Wati N. · 2 min baca · 1 bulan lalu · 78 dibaca
Bisik.id
Bansos 2026: Pos Indonesia Terapkan Face Recognition

Gambar atau konten salah?

Penyaluran bantuan sosial (bansos) tahun 2026 kembali diselenggarakan melalui jaringan PT PosIndonesia. Skema baru ini difokuskan pada keluarga penerima manfaat (KPM) yang belum memiliki rekening bank atau tinggal di daerah dengan akses perbankan terbatas. Pemerintah menegaskan bahwa proses distribusi bansos akan lebih aman, tertib, dan tepat sasaran.

Inovasi utama pada tahun 2026 adalah penerapan teknologi Pengenalan Wajah (Face Recognition) dan pemindaian barcode pada surat undangan penerima. Dengan cara ini, bantuan dipastikan diterima langsung oleh pihak yang berhak. Sistem ini juga bertujuan menutup celah praktik pungutan liar atau pemotongan dana oleh oknum tidak bertanggung jawab. Verifikasi di lokasi pencairan menjadi lebih cepat dan efisien.

Menurut koordinasi antara Kementerian Sosial Republik Indonesia dan PT Pos Indonesia, pencairan bansos tahap awal dimulai pada 01 Februari 2026 hingga 31 Maret 2026. Tahap kedua dilaksanakan sekitar 01 April 2026 hingga 30 Juni 2026. Penyaluran bansos dilakukan melalui tiga mekanisme utama:

  • Loket Kantor Pos – bagi KPM di wilayah perkotaan dengan akses mudah ke kantor pos terdekat.
  • Titik Komunitas – petugas Pos mendatangi lokasi strategis seperti balai desa atau kantor kelurahan untuk melayani banyak penerima sekaligus.
  • Layanan Door to Door – bantuan diantar langsung ke rumah, khusus bagi lansia tunggal dan penyandang disabilitas berat yang tidak dapat datang ke lokasi.
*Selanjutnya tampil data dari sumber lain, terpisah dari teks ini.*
Theorem lemma5p6 (I : instance) (S T : nat -> nat) :
  LDODOSP I -> feasible_counters I S T ->
  [/\ (1 <= lw I <= D I -> T (lw I) = 0 /\ S (D I - lw I + 1) = S (D I)),
      (forall d, 1 <= d <= D I - lw I -> T (d + lw I) <= S d),
      (forall d, 1 <= d <= D I - uw I -> S d <= T (d + uw I)),
      (1 <= lo I <= D I -> S 1 = S (lo I) /\ T (D I - lo I + 1) = T (D I))
    & [/\ (forall d, 1 <= d <= D I - lo I ->
             ((S (d + lo I)%N)%:Z - (N I)%:Z <= (T d)%:Z)%R),
          (forall d, 1 <= d <= D I - uo I -> T d + N I <= S (d + uo I))
        & (forall d, 1 <= d <= D I ->
             ((rl I d)%:Z <= (S d)%:Z - (T d)%:Z <= (ru I d)%:Z)%R)]].
Proof.
move=> _ [f [[demand work_len off_len _ _] rep]].
have RS d : 1 <= d <= D I -> S d = Scount f d by move=> /rep [].
have RT d : 1 <= d <= D I -> T d = Tcount f d by move=> /rep [].
split.
- move=> Hlw; rewrite RT ?RS; try lia.
  by split; [apply: Tcount_lw => //; lia | exact: Scount_tail_lw].
- by move=> d Hd; rewrite RT ?RS; try lia; apply: Tcount_add_lw_le => //; lia.
- by move=> d Hd; rewrite RT ?RS; try lia; apply: Scount_le_Tcount_add_uw => //; lia.
- move=> Hlo; rewrite !RT ?RS; try lia.
  by split; [exact: Scount_head_lo | exact: Tcount_tail_lo].
split.
- move=> d Hd; have : Scount f (d + lo I) <= Tcount f d + N I.
    by apply: Scount_add_lo_le => //; lia.
  by rewrite RT ?RS; lia.
- by move=> d Hd; rewrite RT ?RS; try lia; apply: Tcount_add_uo_le => //; lia.
- by move=> d Hd; have := demand d Hd; rewrite RS // RT // Scount_TcountE //; lia.
Qed.
Section FiniteDifferences.
Variables (R : comRingType) (V : zmodType) (I : finType) (x : I -> V).
Implicit Types (A T : {set I}) (G : V -> R).

(* The iterated forward difference Delta_(x a_1) ... Delta_(x a_k) G at z,
   for A = {a_1, ..., a_k}. *)
Definition fdiff A G z : R :=
  \sum_(T : {set I} | T \subset A) (-1) ^+ (#|A| - #|T|) * G (z + \sum_(i in T) x i).

Lemma fdiff_set0 G z : fdiff finset.set0 G z = G z.
Proof.
rewrite /fdiff (big_pred1 finset.set0); last by move=> T; rewrite /= finset.subset0.
by rewrite cards0 subnn expr0 mul1r big_set0 addr0.
Qed.

Lemma fdiff_setD1 A a G z : a \in A ->
  fdiff A G z = fdiff (A :\ a) G (z + x a) - fdiff (A :\ a) G z.
Proof.
move=> aA; rewrite /fdiff (sum_subsets_setD1 _ aA) -sumrB; apply: eq_bigr => T TAa.
have /andP[TA aT] : (T \subset A) && (a \notin T) by rewrite -subsetD1.
have tm : (#|T| <= #|A :\ a|)%N by apply: subset_leq_card.
rewrite big_setU1 //= cardsU1 aT (cardsD1 a A) aA add1n subSS subSn //.
by rewrite exprS mulN1r mulNr addrA addrC.
Qed.

Lemma signed_fdiff_setT G z :
  (-1) ^+ #|I| * fdiff [set: I]%SET G z =
  \sum_(T : {set I}) (-1) ^+ #|T| * G (z + \sum_(i in T) x i).
Proof.
rewrite /fdiff mulr_sumr cardsT.
rewrite (eq_bigl (fun T : {set I} => true)) => [|T]; last first.
  by rewrite finset.subsetT.
by apply: eq_bigr => T _; rewrite mulrA mulr_sign_subn // max_card.
Qed.

Definition incl_excl_on f A : R :=
  \sum_(T : {set I} | T \subset A)
    (if (0 < #|T|)%N then (-1) ^+ #|T|.-1 * f (\sum_(i in T) x i) else 0).

Lemma incl_excl_on_set0 f : incl_excl_on f finset.set0 = 0.
Proof.
rewrite /incl_excl_on (big_pred1 finset.set0) ?cards0 // => T.
by rewrite /= finset.subset0.
Qed.

Lemma incl_excl_on_setD1 f A a : a \in A ->
  incl_excl_on f A =
  incl_excl_on f (A :\ a) + (-1) ^+ #|A :\ a| * fdiff (A :\ a) f (x a).
Proof.
move=> aA; rewrite /incl_excl_on (sum_subsets_setD1 _ aA) big_split /=.
congr (_ + _); rewrite /fdiff mulr_sumr; apply: eq_bigr => T TAa.
have /andP[TA aT] : (T \subset A) && (a \notin T) by rewrite -subsetD1.
have tm : (#|T| <= #|A :\ a|)%N by apply: subset_leq_card.
by rewrite cardsU1 aT add1n /= big_setU1 //= mulrA mulr_sign_subn.
Qed.

End FiniteDifferences.

Lemma incl_excl_sum_on (R : realType) (d n : nat) (f : 'rV[R]_d -> R)
    (x : 'I_n -> 'rV[R]_d) :
  incl_excl_sum f x = incl_excl_on x f [set: 'I_n]%SET.
Proof.
rewrite /incl_excl_sum /incl_excl_on -big_mkcondr /=.
by apply: eq_bigl => T; rewrite finset.subsetT.
Qed.

Lemma incl_excl_sum_signed (R : realType) (d n : nat) (g : 'rV[R]_d -> R)
    (x : 'I_n -> 'rV[R]_d) :
  incl_excl_sum g x = g 0 - \sum_(T : {set 'I_n}) (-1) ^+ #|T| * g (\sum_(i in T) x i).
Proof.
rewrite (bigD1 finset.set0) //= cards0 expr0 mul1r big_set0 opprD addNKr.
rewrite /incl_excl_sum -sumrN; apply: eq_big => T; first by rewrite card_gt0.
by move=> T0; rewrite -[in RHS](prednK T0) exprS mulN1r mulNr opprK.
Qed.

Section NormedSpace.
Variables (R : realType) (V W : normedModType R).

Lemma is_derive_translate (F : V -> W) z c v df : is_derive (z + c) v F df ->
  is_derive z v (fun p => F (p + c)) df.
Proof.
have E : (fun h : R => h^-1 *: (((fun p => F (p + c)) \o shift z) (h *: v)
                                 - F (z + c))) =
         (fun h : R => h^-1 *: ((F \o shift (z + c)) (h *: v) - F (z + c))).
  by apply: funext => h /=; rewrite addrA.
by move=> [dF <-]; apply: DeriveDef; [rewrite /derivable E | rewrite /derive E].
Qed.
Lemma lp_norm_infty_le (a : nat -> R) B : (forall i, 0 <= a i) -> (forall i, a i <= B) ->
  lp_mem p_infty a /\ lp_norm p_infty a <= B.
Proof.
  intros Ha HB. assert (Hm : lp_mem p_infty a) by (exists B; exact HB).
  split; [exact Hm | apply (lp_norm_infty_spec a Ha Hm); exact HB].
Qed.

Lemma lp_norm_ge0 p a : Rbar_le 1 p -> (forall i, 0 <= a i) -> lp_mem p a -> 0 <= lp_norm p a.
Proof.
  intros Hp Ha Hm. destruct (exponent_cases p Hp) as [[p0 [-> Hp0]]| ->].
  - apply pw_ge0.
  - eapply Rle_trans; [apply (Ha 0%nat) | apply (lp_norm_infty_spec a Ha Hm)].
Qed.

Lemma lp_dominated p a b c : Rbar_le 1 p -> 0 <= c -> (forall i, 0 <= b i) ->
  (forall i, 0 <= a i <= c * b i) -> lp_mem p b ->
  lp_mem p a /\ lp_norm p a <= c * lp_norm p b.
Proof.
  intros Hp Hc Hb Hab Hm. destruct (exponent_cases p Hp) as [[p0 [-> Hp0]]| ->].
  - simpl in *.
    assert (Hpt : forall i, 0 <= pw (a i) p0 <= pw c p0 * pw (b i) p0).
    { intros i. split; [apply pw_ge0|]. rewrite <- pw_mul by auto. apply pw_le; [lra | apply Hab]. }
    assert (Hex : ex_series (fun i => pw (a i) p0)).
    { eapply ex_series_le_nonneg; [apply Hpt | apply ex_series_Rscal; auto]. }
    assert (HSb : 0 <= Series (fun i => pw (b i) p0)) by (apply Series_nonneg; auto using pw_ge0).
    split; auto.
    rewrite <- (pw_pwK c p0), <- pw_mul by (auto using pw_ge0; lra).
    apply pw_le; [apply Rinv_0_lt_compat; lra|].
    split; [apply Series_nonneg; auto using pw_ge0|].
    rewrite <- Series_scal_l. apply Series_le; auto. apply ex_series_Rscal; auto.
  - destruct (lp_norm_infty_spec b Hb Hm) as [Hb1 _].
    apply (lp_norm_infty_le a); [apply Hab|].
    intros i. eapply Rle_trans; [apply Hab | apply Rmult_le_compat_l; auto].
Qed.
Lemma closed_fun_le f g : continuous f -> continuous g -> closed [set t | f t <= g t].
Proof.
move=> cf cg; rewrite (_ : [set t | _] = (fun t => g t - f t) @^-1` [set r | 0 <= r]).
  by move/continuous_closedP: (continuous_add cg (continuous_opp cf)); apply; exact: closed_ge.
by apply/seteqP; split => t /=; rewrite subr_ge0.
Qed.

Lemma open_fun_lt f g : continuous f -> continuous g -> open [set t | f t < g t].
Proof.
move=> cf cg; rewrite (_ : [set t | _] = (fun t => g t - f t) @^-1` [set r | 0 < r]).
  by move/continuousP: (continuous_add cg (continuous_opp cf)); apply; exact: open_gt.
by apply/seteqP; split => t /=; rewrite subr_gt0.
Qed.

End Continuity.

(* Projections may occur eta-reduced, as [fst] or [snd]. *)
Ltac continuity := solve [repeat match goal with
  | |- forall _, continuous_at _ (fun _ => ?c) => exact: cst_continuous
  | |- forall _, continuous_at _ (fun t => t) => exact: continuous_idfun
  | |- forall _, continuous_at _ fst => case=> ? ?; exact: cvg_fst
  | |- forall _, continuous_at _ snd => case=> ? ?; exact: cvg_snd
  | |- forall _, continuous_at _ (fun t => (@?f t, @?g t)) => apply: continuous_pair
  | |- forall _, continuous_at _ (fun t => (@?f t).1) => apply: continuous_fst_of
  | |- forall _, continuous_at _ (fun t => (@?f t).2) => apply: continuous_snd_of
  | |- forall _, continuous_at _ (fun t => @?f t + @?g t) => apply: continuous_add
  | |- forall _, continuous_at _ (fun t => @?f t * @?g t) => apply: continuous_mul
  | |- forall _, continuous_at _ (fun t => - @?f t) => apply: continuous_opp
  | |- forall _, continuous_at _ (fun t => Num.min (@?f t) (@?g t)) => apply: continuous_minr
  | |- forall _, continuous_at _ (fun t => Num.max (@?f t) (@?g t)) => apply: continuous_maxr
  | _ => assumption
  end].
Jenis bansos yang disalurkan melalui kantor pos pada tahun 2026 meliputi Bantuan Sosial Khusus, Program Keluarga Harapan (PKH), Bantuan Pangan Non Tunai (BPNT) bagi penerima tanpa rekening, serta BLT Kesra yang masih menjadi perbincangan terkait kelanjutannya tahun ini.

Untuk memudahkan proses pencairan, penerima diwajibkan membawa dokumen berikut:

  • Surat undangan resmi yang dilengkapi barcode.
  • e‑KTP asli penerima.
  • Kartu Keluarga (KK) asli untuk verifikasi data.

Berikut langkah-langkah pencairan bansos di kantor pos:

  1. Pastikan keluarga menerima undangan resmi dari aparat desa atau petugas Pos.
  2. Perhatikan waktu serta tempat pencairan agar tidak salah jadwal.
  3. Serahkan dokumen kepada petugas untuk pemindaian barcode dan verifikasi wajah.
  4. Setelah data dinyatakan valid, bantuan akan diberikan secara utuh tanpa potongan.
  5. Lakukan tanda tangan sebagai bukti penerimaan resmi.

Jika penerima utama berhalangan hadir karena kondisi darurat, pencairan dapat diwakilkan oleh anggota keluarga dalam satu KK dengan membawa dokumen lengkap serta surat kuasa bila diperlukan.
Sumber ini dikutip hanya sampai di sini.